(* In the privacy game with $\varrho\ge 0$, fix $\epsilon>0$ and $(\alpha^0,\beta^0)\in A\times B$, and let $\{(\alpha^k,\beta^k)\}_{k\in\mathbb{N}}$ be generated by the following thresholded best-response dynamics: for $k=1,2,\dots$, if $k$ is even, choose $\alpha'\in\arg\min_{\alpha\in A}U(\alpha,\beta^{k-1})$, set $\alpha^k=\alpha'$ if $U(\alpha^{k-1},\beta^{k-1})-U(\alpha',\beta^{k-1})>\epsilon$ and $\alpha^k=\alpha^{k-1}$ otherwise, and set $\beta^k=\beta^{k-1}$; if $k$ is odd, choose $\beta'\in\arg\min_{\beta\in B}V(\alpha^{k-1},\beta)$, set $\beta^k=\beta'$ if $V(\alpha^{k-1},\beta^{k-1})-V(\alpha^{k-1},\beta')>\epsilon$ and $\beta^k=\beta^{k-1}$ otherwise, and set $\alpha^k=\alpha^{k-1}$. Then $(\alpha^k,\beta^k)\in\mathcal{N}_\epsilon$ for all $k\ge 3+\Psi(\alpha^0,\beta^0)/\epsilon$, where $\Psi(\alpha,\beta)=\xi(\alpha,\beta)+\varrho\zeta(\alpha)$ and $\mathcal{N}_\epsilon=\{(\alpha,\beta)\in A\times B: U(\alpha,\beta)\le U(\alpha',\beta)+\epsilon\ \forall\alpha'\in A,\ V(\alpha,\beta)\le V(\alpha,\beta')+\epsilon\ \forall\beta'\in B\}$.
   Context: Privacy game. $\mathcal{X},\mathcal{W},\mathcal{Y}$ are finite nonempty sets; $p$ is a joint probability mass function of $(X,Z,W)$ on $\mathcal{X}\times\mathcal{X}\times\mathcal{W}$; $d:\mathcal{X}\times\mathcal{X}\to\mathbb{R}_{\ge 0}$; $\varrho$ is the privacy ratio. Sender policies: $A=\{\alpha=(\alpha_{yzw}):\alpha_{yzw}\in[0,1],\ \sum_{y\in\mathcal{Y}}\alpha_{yzw}=1\ \forall (z,w)\in\mathcal{X}\times\mathcal{W}\}$, with $\alpha_{yzw}=\mathbb{P}\{Y=y\mid Z=z,W=w\}$. Receiver policies: $B=\{\beta=(\beta_{\hat x y}):\beta_{\hat x y}\in[0,1],\ \sum_{\hat x\in\mathcal{X}}\beta_{\hat x y}=1\ \forall y\in\mathcal{Y}\}$, with $\beta_{\hat x y}=\mathbb{P}\{\hat X=\hat x\mid Y=y\}$. Define $\xi(\alpha,\beta)=\sum_{x,\hat x\in\mathcal{X}}\sum_{y\in\mathcal{Y}}\sum_{z\in\mathcal{X}}\sum_{w\in\mathcal{W}}d(x,\hat x)\beta_{\hat x y}\alpha_{yzw}p(x,z,w)$ and $\zeta(\alpha)=\sum_{y,w}P_{yw}\log\frac{P_{yw}}{P_y P_w}$ (with $0\log 0=0$), where $P_{yw}=\sum_{z,x}\alpha_{yzw}p(x,z,w)$, $P_y=\sum_{w}P_{yw}$, $P_w=\sum_{z,x}p(x,z,w)$ (the mutual information $I(Y;W)$). Sender cost $U(\alpha,\beta)=\xi(\alpha,\beta)+\varrho\zeta(\alpha)$; receiver cost $V(\alpha,\beta)=\xi(\alpha,\beta)$. *)

From HB Require Import structures.
From mathcomp Require Import all_boot all_order all_algebra.
From mathcomp Require Import reals exp.
Set Implicit Arguments. Unset Strict Implicit. Unset Printing Implicit Defensive.
Import Order.TTheory GRing.Theory Num.Theory.
Local Open Scope ring_scope.

Section Privacy.
Variables (R : realType) (X W Y : finType).

(* sender policy: alpha y z w = P{Y=y | Z=z, W=w} *)
Definition sender := Y -> X -> W -> R.
(* receiver policy: beta xh y = P{Xhat=xh | Y=y} *)
Definition receiver := X -> Y -> R.

Definition inA (a : sender) : Prop :=
  (forall y z w, 0 <= a y z w <= 1) /\ (forall z w, \sum_(y : Y) a y z w = 1).
Definition inB (b : receiver) : Prop :=
  (forall xh y, 0 <= b xh y <= 1) /\ (forall y, \sum_(xh : X) b xh y = 1).

Variables (p : X -> X -> W -> R) (d : X -> X -> R) (rho : R).

Definition xi (a : sender) (b : receiver) : R :=
  \sum_(x : X) \sum_(xh : X) \sum_(y : Y) \sum_(z : X) \sum_(w : W)
     d x xh * b xh y * a y z w * p x z w.

Definition Pyw (a : sender) (y : Y) (w : W) : R :=
  \sum_(z : X) \sum_(x : X) a y z w * p x z w.
Definition Py (a : sender) (y : Y) : R := \sum_(w : W) Pyw a y w.
Definition Pw (w : W) : R := \sum_(z : X) \sum_(x : X) p x z w.

(* mutual information I(Y;W), natural logarithm, convention 0 log 0 = 0 *)
Definition zeta (a : sender) : R :=
  \sum_(y : Y) \sum_(w : W)
    (if Pyw a y w == 0 then 0
     else Pyw a y w * ln (Pyw a y w / (Py a y * Pw w))).

Definition U (a : sender) (b : receiver) : R := xi a b + rho * zeta a.
Definition V (a : sender) (b : receiver) : R := xi a b.
Definition Psi (a : sender) (b : receiver) : R := xi a b + rho * zeta a.

Definition N_eps (eps : R) (a : sender) (b : receiver) : Prop :=
  inA a /\ inB b /\
  (forall a', inA a' -> U a b <= U a' b + eps) /\
  (forall b', inB b' -> V a b <= V a b' + eps).

End Privacy.

(** [Psi = U], and [Psi] differs from [V] by a term depending only on the
    sender, so [Psi] is an exact potential of the game.  Every accepted
    update lowers [Psi] by more than [eps], and [Psi >= 0] because distortions
    are nonnegative and mutual information is nonnegative (Gibbs' inequality).
    Hence fewer than [Psi(alpha^0, beta^0) / eps + 1] updates are ever accepted,
    and as soon as one round passes without an accepted update, both players
    are [eps]-best-responding. *)
From HB Require Import structures.
From mathcomp Require Import all_boot all_order all_algebra.
From mathcomp Require Import reals exp.
From mathcomp Require Import lra.
Set Implicit Arguments. Unset Strict Implicit. Unset Printing Implicit Defensive.
Import Order.TTheory GRing.Theory Num.Theory.
Local Open Scope ring_scope.

Section ThresholdedDynamics.
Variables (R : realFieldType) (S : Type) (Phi : S -> R) (good : S -> Prop).
Variables (eps : R) (s : nat -> S).
Hypothesis eps_gt0 : 0 < eps.
Hypothesis Phi_ge0 : forall k, 0 <= Phi (s k).
Hypothesis stay_or_descend : forall k,
  s k.+1 = s k \/ (Phi (s k.+1) + eps < Phi (s k) /\ ~ good (s k)).
Hypothesis stay_good : forall k, (0 < k)%N -> s k.+1 = s k -> good (s k.+1).

Lemma good_or_descended k : (0 < k)%N ->
  good (s k) \/ Phi (s k) + k.-1%:R * eps <= Phi (s 0%N).
Proof.
case: k => // k _; elim: k => [|k IH].
  right; rewrite mul0r addr0 /=.
  by case: (stay_or_descend 0) => [->|[? _]]; have := eps_gt0; lra.
case: (stay_or_descend k.+1) => [stay|[descent not_good]].
  by left; apply: stay_good.
case: IH => [//|IH]; right.
by rewrite /= -natr1 mulrDl mul1r; lra.
Qed.

Lemma good_eventually k : 3 + Phi (s 0%N) / eps <= k%:R -> good (s k).
Proof.
move=> hk; have k_gt0 : (0 < k)%N.
  rewrite lt0n; apply/eqP => k0; move: hk; rewrite k0.
  by have := divr_ge0 (Phi_ge0 0%N) (ltW eps_gt0); lra.
case: (good_or_descended k_gt0) => // bound; exfalso.
have : Phi (s 0%N) <= (k%:R - 3) * eps by rewrite -ler_pdivrMr //; lra.
have := eps_gt0; have := Phi_ge0 k; move: bound.
by rewrite -(prednK k_gt0) -natr1 /=; nra.
Qed.

End ThresholdedDynamics.

Lemma threshold_update_eps_optimal (R : realFieldType) (T : Type)
    (P : T -> Prop) (f : T -> R) (eps : R) (x x' : T) :
  0 <= eps -> (forall y, P y -> f x' <= f y) ->
  forall y, P y -> f (if eps < f x - f x' then x' else x) <= f y + eps.
Proof. by move=> eps_ge0 x'_min y /x'_min; case: ifP => [_|/negbT]; lra. Qed.

Lemma mulr_ln_div_ge_sub (R : realType) (P Q : R) :
  0 < P -> 0 < Q -> P - Q <= P * ln (P / Q).
Proof.
move=> P0 Q0; have QP0 : 0 < Q / P by rewrite divr_gt0.
have ln_le : ln (Q / P) <= Q / P - 1.
  by have := @le_ln1Dx R (Q / P - 1); rewrite subrKC; apply; lra.
have -> : ln (P / Q) = - ln (Q / P) by rewrite -lnV ?posrE // invf_div.
have := ler_wpM2l (ltW P0) ln_le.
by rewrite mulrBr mulrCA divff ?gt_eqF // !mulr1 mulrN; lra.
Qed.

Section PrivacyGame.
Variables (R : realType) (X W Y : finType).
Variables (p : X -> X -> W -> R) (d : X -> X -> R) (rho : R).
Hypothesis p_ge0 : forall x z w, 0 <= p x z w.
Hypothesis p_sum1 : \sum_(x : X) \sum_(z : X) \sum_(w : W) p x z w = 1.
Hypothesis d_ge0 : forall x xh, 0 <= d x xh.
Hypothesis rho_ge0 : 0 <= rho.

Lemma xi_ge0 (a : sender R X W Y) (b : receiver R X Y) :
  inA a -> inB b -> 0 <= xi p d a b.
Proof.
move=> [a01 _] [b01 _].
apply: sumr_ge0 => x _; apply: sumr_ge0 => xh _; apply: sumr_ge0 => y _.
apply: sumr_ge0 => z _; apply: sumr_ge0 => w _.
case/andP: (a01 y z w) => a0 _; case/andP: (b01 xh y) => b0 _.
by rewrite !mulr_ge0.
Qed.

Lemma sum_Pw : \sum_w Pw p w = 1.
Proof.
rewrite -p_sum1 /Pw exchange_big /=; under eq_bigr do rewrite exchange_big /=.
by rewrite exchange_big /=; apply: eq_bigr => x _; rewrite exchange_big.
Qed.

Section Sender.
Variable a : sender R X W Y.
Hypothesis a_inA : inA a.

Lemma sum_Pyw_y w : \sum_y Pyw p a y w = Pw p w.
Proof.
rewrite /Pyw exchange_big; apply: eq_bigr => z _.
rewrite exchange_big; apply: eq_bigr => x _.
by rewrite -big_distrl /= a_inA.2 mul1r.
Qed.

Lemma sum_Py : \sum_y Py p a y = 1.
Proof. by rewrite /Py exchange_big -sum_Pw; apply: eq_bigr => w _; exact: sum_Pyw_y. Qed.

Lemma Pyw_ge0 y w : 0 <= Pyw p a y w.
Proof.
apply: sumr_ge0 => z _; apply: sumr_ge0 => x _.
by case/andP: (a_inA.1 y z w) => a0 _; rewrite mulr_ge0.
Qed.

Lemma Pyw_le_Py y w : Pyw p a y w <= Py p a y.
Proof.
rewrite /Py (bigD1 w) //= lerDl.
by apply: sumr_ge0 => ? _; exact: Pyw_ge0.
Qed.

Lemma Pyw_le_Pw y w : Pyw p a y w <= Pw p w.
Proof.
apply: ler_sum => z _; apply: ler_sum => x _.
by case/andP: (a_inA.1 y z w) => _ a1; rewrite ler_piMl.
Qed.

Lemma zeta_ge0 : 0 <= zeta p a.
Proof.
have term_ge y w : Pyw p a y w - Py p a y * Pw p w <=
    (if Pyw p a y w == 0 then 0
     else Pyw p a y w * ln (Pyw p a y w / (Py p a y * Pw p w))).
  have Pw0 : 0 <= Pw p w by do 2! (apply: sumr_ge0 => ? _).
  case: eqP => [->|/eqP ne0].
    by rewrite sub0r oppr_le0 mulr_ge0 // (le_trans (Pyw_ge0 y w) (Pyw_le_Py y w)).
  have Pyw_gt0 : 0 < Pyw p a y w by rewrite lt_def ne0 Pyw_ge0.
  apply: mulr_ln_div_ge_sub => //.
  by rewrite mulr_gt0 // (lt_le_trans Pyw_gt0) ?Pyw_le_Py ?Pyw_le_Pw.
apply: le_trans (ler_sum _ (fun y _ => ler_sum _ (fun w _ => term_ge y w))).
rewrite exchange_big /=.
under eq_bigr do rewrite sumrB sum_Pyw_y -mulr_suml sum_Py mul1r.
by rewrite sumrB subrr.
Qed.

End Sender.

Lemma Psi_ge0 (a : sender R X W Y) (b : receiver R X Y) :
  inA a -> inB b -> 0 <= Psi p d rho a b.
Proof. by move=> aA bB; rewrite addr_ge0 ?mulr_ge0 ?xi_ge0 ?zeta_ge0. Qed.

Section Dynamics.
Variables (eps : R) (alpha : nat -> sender R X W Y) (beta : nat -> receiver R X Y).
Hypothesis eps_gt0 : 0 < eps.
Hypothesis alpha0_inA : inA (alpha 0%N).
Hypothesis beta0_inB : inB (beta 0%N).
Hypothesis sender_step : forall k : nat, (0 < k)%N -> ~~ odd k ->
  exists a' : sender R X W Y,
    inA a' /\
    (forall a, inA a -> U p d rho a' (beta k.-1) <= U p d rho a (beta k.-1)) /\
    alpha k = (if U p d rho (alpha k.-1) (beta k.-1) - U p d rho a' (beta k.-1) > eps
               then a' else alpha k.-1) /\
    beta k = beta k.-1.
Hypothesis receiver_step : forall k : nat, odd k ->
  exists b' : receiver R X Y,
    inB b' /\
    (forall b, inB b -> V p d (alpha k.-1) b' <= V p d (alpha k.-1) b) /\
    beta k = (if V p d (alpha k.-1) (beta k.-1) - V p d (alpha k.-1) b' > eps
              then b' else beta k.-1) /\
    alpha k = alpha k.-1.

Lemma dynamics_inAB k : inA (alpha k) /\ inB (beta k).
Proof.
elim: k => [//|k [aA bB]].
case: (boolP (odd k.+1)) => [k_odd|k_even].
  have [b' [b'B [_ [-> ->]]]] := receiver_step k_odd.
  by split => //; case: ifP.
have [a' [a'A [_ [-> ->]]]] := @sender_step k.+1 isT k_even.
by split => //; case: ifP.
Qed.

Lemma sender_eps_optimal k : (0 < k)%N -> ~~ odd k ->
  forall a, inA a -> U p d rho (alpha k) (beta k) <= U p d rho a (beta k) + eps.
Proof.
move=> k_gt0 k_even; have [a' [_ [a'_min [-> ->]]]] := sender_step k_gt0 k_even.
exact: (threshold_update_eps_optimal (f := fun a => U p d rho a (beta k.-1)) _
  (ltW eps_gt0) a'_min).
Qed.

Lemma receiver_eps_optimal k : odd k ->
  forall b, inB b -> V p d (alpha k) (beta k) <= V p d (alpha k) b + eps.
Proof.
move=> k_odd; have [b' [_ [b'_min [-> ->]]]] := receiver_step k_odd.
exact: (threshold_update_eps_optimal (f := V p d (alpha k.-1)) _ (ltW eps_gt0) b'_min).
Qed.

Lemma dynamics_stay_or_descend k :
  (alpha k.+1, beta k.+1) = (alpha k, beta k) \/
  (Psi p d rho (alpha k.+1) (beta k.+1) + eps < Psi p d rho (alpha k) (beta k) /\
   ~ N_eps p d rho eps (alpha k) (beta k)).
Proof.
rewrite /Psi /N_eps; case: (boolP (odd k.+1)) => [k_odd|k_even].
  have [b' [b'B [_ [-> ->]]]] := receiver_step k_odd; rewrite /=.
  case: ifP => [gain|_]; last by left.
  by right; split=> [|[_ [_ [_ /(_ b' b'B)]]]]; move: gain; rewrite /V; lra.
have [a' [a'A [_ [-> ->]]]] := @sender_step k.+1 isT k_even; rewrite /=.
case: ifP => [gain|_]; last by left.
by right; split=> [|[_ [_ [/(_ a' a'A) + _]]]]; move: gain; rewrite /U; lra.
Qed.

(* The player who did not move at step [k.+1] is [eps]-best-responding, and
   so is the other one, who made the update at step [k] (hence [0 < k]). *)
Lemma dynamics_stay_good k : (0 < k)%N ->
  (alpha k.+1, beta k.+1) = (alpha k, beta k) ->
  N_eps p d rho eps (alpha k.+1) (beta k.+1).
Proof.
move=> k_gt0 [stay_a stay_b]; have [aA bB] := dynamics_inAB k.+1.
do 2! split => //.
case: (boolP (odd k.+1)) => [k_odd|k_even].
  split; last exact: receiver_eps_optimal.
  by rewrite stay_a stay_b; apply: sender_eps_optimal => //; rewrite -k_odd.
split; first exact: sender_eps_optimal.
rewrite stay_a stay_b; apply: receiver_eps_optimal.
by move: k_even; rewrite /= negbK.
Qed.

Lemma dynamics_Psi_ge0 k : 0 <= Psi p d rho (alpha k) (beta k).
Proof. by have [] := dynamics_inAB k; exact: Psi_ge0. Qed.

End Dynamics.
End PrivacyGame.

Theorem mainTheorem6 (R : realType) (X W Y : finType)
  (p : X -> X -> W -> R) (d : X -> X -> R) (rho eps : R)
  (alpha : nat -> sender R X W Y) (beta : nat -> receiver R X Y) :
  (0 < #|X|)%N -> (0 < #|W|)%N -> (0 < #|Y|)%N ->
  (forall x z w, 0 <= p x z w) ->
  \sum_(x : X) \sum_(z : X) \sum_(w : W) p x z w = 1 ->
  (forall x xh, 0 <= d x xh) ->
  0 <= rho -> 0 < eps ->
  inA (alpha 0%N) -> inB (beta 0%N) ->
  (forall k : nat, (0 < k)%N -> ~~ odd k ->
     exists a' : sender R X W Y,
       inA a' /\
       (forall a, inA a -> U p d rho a' (beta k.-1) <= U p d rho a (beta k.-1)) /\
       alpha k = (if U p d rho (alpha k.-1) (beta k.-1) - U p d rho a' (beta k.-1) > eps
                  then a' else alpha k.-1) /\
       beta k = beta k.-1) ->
  (forall k : nat, odd k ->
     exists b' : receiver R X Y,
       inB b' /\
       (forall b, inB b -> V p d (alpha k.-1) b' <= V p d (alpha k.-1) b) /\
       beta k = (if V p d (alpha k.-1) (beta k.-1) - V p d (alpha k.-1) b' > eps
                 then b' else beta k.-1) /\
       alpha k = alpha k.-1) ->
  forall k : nat, 3 + Psi p d rho (alpha 0%N) (beta 0%N) / eps <= k%:R ->
    N_eps p d rho eps (alpha k) (beta k).
Proof.
move=> _ _ _ p_ge0 p_sum1 d_ge0 rho_ge0 eps_gt0 alpha0_inA beta0_inB
  sender_step receiver_step.
apply: (good_eventually (Phi := fun ab => Psi p d rho ab.1 ab.2)
  (good := fun ab => N_eps p d rho eps ab.1 ab.2) (s := fun k => (alpha k, beta k)))
  => // [k|k|k k_gt0 stay].
- exact: (dynamics_Psi_ge0 p_ge0 p_sum1 d_ge0 rho_ge0 alpha0_inA beta0_inB
    sender_step receiver_step).
- exact: (dynamics_stay_or_descend sender_step receiver_step).
- exact: (dynamics_stay_good eps_gt0 alpha0_inA beta0_inB sender_step receiver_step
    k_gt0 stay).
Qed.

The task:
Above are the entries. Output exactly the lines beginning with the line that has "Definition inB (b" and ending with the line that has "d x xh * b xh y * a y z w * p x z w.".

Answer for this exercise:
Definition inB (b : receiver) : Prop :=
  (forall xh y, 0 <= b xh y <= 1) /\ (forall y, \sum_(xh : X) b xh y = 1).

Variables (p : X -> X -> W -> R) (d : X -> X -> R) (rho : R).

Definition xi (a : sender) (b : receiver) : R :=
  \sum_(x : X) \sum_(xh : X) \sum_(y : Y) \sum_(z : X) \sum_(w : W)
     d x xh * b xh y * a y z w * p x z w.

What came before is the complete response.